Disallowed Pages May Take Time to be Dropped From Index
Disallowed pages may take a while to be dropped from the index if aren’t crawled very frequently. For critical issues, you can temporarily remove URLs from search results using Search Console.
Redirecting Robots.txt Is OK
Google will follow redirects for robots.txt files.
Disallowing Internal Search Pages won’t Impact the Sitelinks Search Box Markup
Internal search pages on a site do not need to be crawlable for the Sitelinks Search Box markup to work. Google doesn’t differentiate desktop and mobile URLs, so you might want to set up a redirect to the mobile search pages for mobile devices.

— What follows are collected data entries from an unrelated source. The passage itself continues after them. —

Lemma coincidence_types x i j : paired_at x ->
  (f i x == f j x : nat) =
  (type1 f x + type2 f x * block2 i j + type3 f x * block3 i j + type4 f x * block4 i j)%N.
Proof.
move=> hx; move: (types_partition hx).
case: (paired_types hx) => h; rewrite h.
- rewrite (type1_coincidence h i j) eqxx.
  by case: (type2 f x); case: (type3 f x); case: (type4 f x).
- rewrite (type2_coincidence h).
  by case: (type1 f x); case: (type3 f x); case: (type4 f x) => //= _; rewrite ?mul1n ?add0n ?addn0 ?mul0n.
- rewrite (type3_coincidence h).
  by case: (type1 f x); case: (type2 f x); case: (type4 f x) => //= _; rewrite ?mul1n ?add0n ?addn0 ?mul0n.
- rewrite (type4_coincidence h).
  by case: (type1 f x); case: (type2 f x); case: (type3 f x) => //= _; rewrite ?mul1n ?add0n ?addn0 ?mul0n.
Qed.

Lemma card_types : (forall x, paired_at x) ->
  (#|[set x | type1 f x]| + #|[set x | type2 f x]| + #|[set x | type3 f x]|
   + #|[set x | type4 f x]|)%N = M.
Proof.
move=> paired; rewrite !card_set_sum -!big_split /=.
by rewrite (eq_bigr _ (fun x _ => types_partition (paired x))) sum_nat_const card_ord muln1.
Qed.

Lemma Gamma_klein_mx : (forall x, paired_at x) ->
  Gamma f = klein_mx #|[set x | type1 f x]| #|[set x | type2 f x]|
                     #|[set x | type3 f x]| #|[set x | type4 f x]|.
Proof.
move=> paired; apply/matrixP => i j; rewrite !mxE !card_set_sum.
rewrite (eq_bigr _ (fun x _ => coincidence_types i j (paired x))) !big_split /=.
by rewrite -!big_distrl.
Qed.

Section FibreSums.
Variables (K : comPzRingType) (c : 'I_4 -> K) (G : 'I_N -> K).

Lemma type1_sum x : type1 f x -> \sum_j c j * G (f j x) = (c 0 + c 1 + c 2 + c 3) * G (f 0 x).
Proof. by case/and3P=> /eqP e01 /eqP e12 /eqP e23; rewrite big_ord4 -e23 -e12 -e01; ring. Qed.

Lemma type2_sum x : type2 f x ->
  \sum_j c j * G (f j x) = (c 0 + c 1) * G (f 0 x) + (c 2 + c 3) * G (f 2 x).
Proof. by case/and3P=> /eqP e01 _ /eqP e23; rewrite big_ord4 -e01 -e23; ring. Qed.

Lemma type3_sum x : type3 f x ->
  \sum_j c j * G (f j x) = (c 0 + c 2) * G (f 0 x) + (c 1 + c 3) * G (f 1 x).
Proof. by case/and3P=> /eqP e02 _ /eqP e13; rewrite big_ord4 -e02 -e13; ring. Qed.

Lemma type4_sum x : type4 f x ->
  \sum_j c j * G (f j x) = (c 0 + c 3) * G (f 0 x) + (c 1 + c 2) * G (f 1 x).
Proof. by case/and3P=> /eqP e03 _ /eqP e12; rewrite big_ord4 -e03 -e12; ring. Qed.

Lemma paired_sum_eq0 x : paired_at x ->
  (type1 f x -> c 0 + c 1 + c 2 + c 3 = 0) ->
  (type2 f x -> c 0 + c 1 = 0 /\ c 2 + c 3 = 0) ->
  (type3 f x -> c 0 + c 2 = 0 /\ c 1 + c 3 = 0) ->
  (type4 f x -> c 0 + c 3 = 0 /\ c 1 + c 2 = 0) -> \sum_j c j * G (f j x) = 0.
Proof.
move=> hx h1 h2 h3 h4; case: (paired_types hx) => h.
- by rewrite type1_sum // h1 // mul0r.
- by rewrite type2_sum //; have [-> ->] := h2 h; rewrite !mul0r addr0.
- by rewrite type3_sum //; have [-> ->] := h3 h; rewrite !mul0r addr0.
- by rewrite type4_sum //; have [-> ->] := h4 h; rewrite !mul0r addr0.
Qed.

End FibreSums.
End PointTypes.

Interstitials Blocked with Robots.txt Might be Seen as Cloaking
You can prevent Google from seeing a JavaScript run interstitial by blocking the JavaScript with robots.txt, but Google doesn’t recommend it as it might be seen as cloaking.
Server Performance and Robots.txt Can Impact HTTPS Migrations
An HTTPS migration might have problems if Google is unable to crawl the site due to server performance issues or files blocked in robots.txt.
Don’t Disallow a Migrated Domain
If you disallow a migrated domain, Google can’t follow any of redirects, so backlink authority cannot be passed on.
Use Noindex or Canonical on Faceted URLs Instead of Disallow
John recommends against using robots.txt disallow to prevent facet URLs from being crawled as they may still be indexed, and allow them to be crawled and use a noindex or canonical tag, unless they are causing a server performance issue.
Robots.txt Overrides Parameter Settings
URL Parameter settings in Search Console are a hint for Google, and they will validate them periodically. The Robots.txt disallow overrides the parameter removal, so it’s better to use the parameter tool to consolidate duplicate pages instead of disallow.
Only Disallowed Scripts Which Affect Content Are an Issue
Disallowed scripts which are flagged as errors are only an issue if they affect the displaying of content you want indexed, otherwise it’s OK to leave them disallowed.